Each specimen was thawed for 10–12 h prior to testing. The proximally potted forearm was mounted to the pedestal, rigidly affixed to the robot base, and the distally potted metacarpals were mounted to the robot end effector (Fig. 2). The four isolated tendons were attached to constant force springs (4.45 N each, McMaster-Carr, Robbinsville, NJ) whose magnitudes were consistent with the loads reported in tendon excursion and gliding studies [34]. After mounting, a 6DOF digitizing probe (Optotrak, NDI, Waterloo, ON, Canada; 3D accuracy: 0.1 mm and resolution: 0.01 mm) was used to establish the position of load cell and the specimen in the robot's global coordinate system (ROB_GCS). The fiducial drill holes were digitized in the ROB_GCS and a transformation matrix from CT_GCS to ROB_GCS was computed within simVITRO to register the anatomical landmarks via iterative closest point algorithm [35].

Fig. 2.

Overview of the KUKA robot wrist test configuration with a mounted specimen and its coordinate systems. The wrist specimen is mounted to the robot in a horizontal position to enable testing about the complete ROM envelope. The radius is mounted robot's base plate via a raised pedestal and the metacarpals are mounted to robot end-effector. The metacarpal coordinate system (X_M, Y_M, and Z_M) and the radial coordinate system (X_R, Y_R, and Z_R) are defined within the robot test space (ROB_GCS: X_ROB, Y_ROB, and Z_ROB) through registration of the fiducial marker points.

Radial and metacarpal coordinate systems (MCS, Fig. 2) were defined by simVITRO in the ROB_GCS using the registered anatomical landmarks (Fig. 1).
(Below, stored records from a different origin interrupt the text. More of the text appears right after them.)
Lemma carry_run T L : all is_data T -> ~~ is_data (head blank L) ->
  steps (size T + (size W).*2).+2 (mk (Carry q a ord0) (rev T ++ L) [::]) =
  Some (mk (Fetch (next q (decode a))) (head blank L :: behead L) (T ++ W ++ [:: blank])).
Proof.
move=> hT hL; have -> : (size T + (size W).*2).+2 = (size W - 0).+1 + (size (T ++ W)).+1.
  by rewrite size_cat; lia.
have -> : (ord0 : 'I_B.+1) = inord 0 by apply: val_inj; rewrite /= inordK.
rewrite (steps_add _ (write_run _ _)) // drop0 catA -rev_cat back_run // -?catA //.
by rewrite all_cat hT all_data_codes.
Qed.

End Carry.

Lemma output_codes p l w pad : pad = [::] \/ pad = [:: blank] ->
  output (mk p l (map code w ++ pad)) = map code w.
Proof.
move=> hpad; rewrite output_mk find_cat.
have -> : has (fun x => x == blank) (map code w) = false.
  by apply/negbTE/hasPn => x /(allP (all_data_codes w)) /andP [].
by case: hpad => ->; rewrite addn0 take_size_cat.
Qed.

(* [pad] records whether the blank cell right of the output is materialised in
   the tape list; this does not affect the output. *)
Lemma fetch_loop w q o j pad : pad = [::] \/ pad = [:: blank] ->
  exists2 N, N <= size w * (B.+1 * size w + (size o).*2 + B + 5) + 1 &
  exists2 cf,
    steps N (mk (Fetch q) (nseq j mark ++ [:: blank]) (map code w ++ endmark :: map code o ++ pad))
      = Some cf &
    step cf = None /\ output cf = map code (o ++ (transduce next out q w).2).
Proof.
elim: w q o j pad => [|s w IH] q o j pad hpad.
  exists 1 => //; exists (mk Halt (endmark :: nseq j mark ++ [:: blank]) (map code o ++ pad)).
    by rewrite (steps_right _ _ _ (trans_Fetch_endmark q)).
  by rewrite step_Halt cats0 output_codes.
set T := map code w ++ endmark :: map code o.
have hT : all is_data T by rewrite all_cat all_data_codes /= endmark_data all_data_codes.
have hW : size (out_code q (code s)) = size (out q s) by rewrite size_map codeK.
have [N hN [cf hcf [hstop hend]]] := IH (next q s) (o ++ out q s) j.+1 [:: blank] (or_intror erefl).
exists (size T + (size T + (size (out_code q (code s))).*2).+2 + N).+1.
  have hsT : size T = size w + (size o).+1 by rewrite size_cat size_map /= size_map.
  have hB := size_out q s; rewrite size_cat in hN.
  rewrite hsT hW /=; nia.
exists cf; last by rewrite hstop hend /=; case: transduce => q' o'; rewrite catA.
rewrite map_cons cat_cons (steps_right _ _ _ (trans_Fetch q s)) -addnA.
have -> : map code w ++ endmark :: map code o ++ pad = T ++ pad by rewrite /T -catA.
rewrite (steps_add _ (scan_right _ _ _)); last first.
  by move=> y hy; apply: trans_Carry; have /andP [] := allP hT y hy.
have -> : mk (Carry q (code s) ord0) (rev T ++ mark :: nseq j mark ++ [:: blank]) pad =
          mk (Carry q (code s) ord0) (rev T ++ mark :: nseq j mark ++ [:: blank]) [::].
  by case: hpad => ->.
rewrite (steps_add _ (carry_run (L := mark :: _) _ _ hT mark_not_data)) codeK -hcf.
by rewrite /T /out_code codeK map_cat -!catA.
Qed.

Lemma scan_run w : steps (size w).*2.+2 (mk Scan [::] (map code w)) =
  Some (mk (Fetch q0) [:: blank] (map code w ++ [:: endmark])).
Proof.
have -> : (size w).*2.+2 = size (map code w) + (size (map code w)).+2.
  by rewrite size_map; lia.
rewrite -[in mk _ _ _](cats0 (map code w)) (steps_add _ (scan_right _ _ _)); last first.
  by move=> y /(allP (all_data_codes w)) /andP [hy _]; apply: trans_Scan.
have -> : mk Scan (rev (map code w) ++ [::]) [::] = mk Scan (rev (map code w) ++ [::]) [:: blank].
  by [].
have hScan : trans Scan blank = Some (Back q0, endmark, false) by [].
by rewrite (steps_left _ _ _ hScan) back_run ?all_data_codes.
Qed.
The radius-based coordinate system was constructed as: Z_R—positive radially, defined by SN and RS; Y_R—positive proximally, along the long axis of the radial shaft, defined by RI and RC; X_R—positive radially, generated by crossing Y_R and Z_R; and O_R—the point on Z_R closest to Y_R The MCS was constructed as: Y_M—positive proximally, defined by M₁ and M₂; Z_M—positive radially, defined by M₃ and M₄; X_M—Positive volarly generated by crossing Y_M and Z_M, and the origin, O_M defined as the midpoint of M₃ and M₄.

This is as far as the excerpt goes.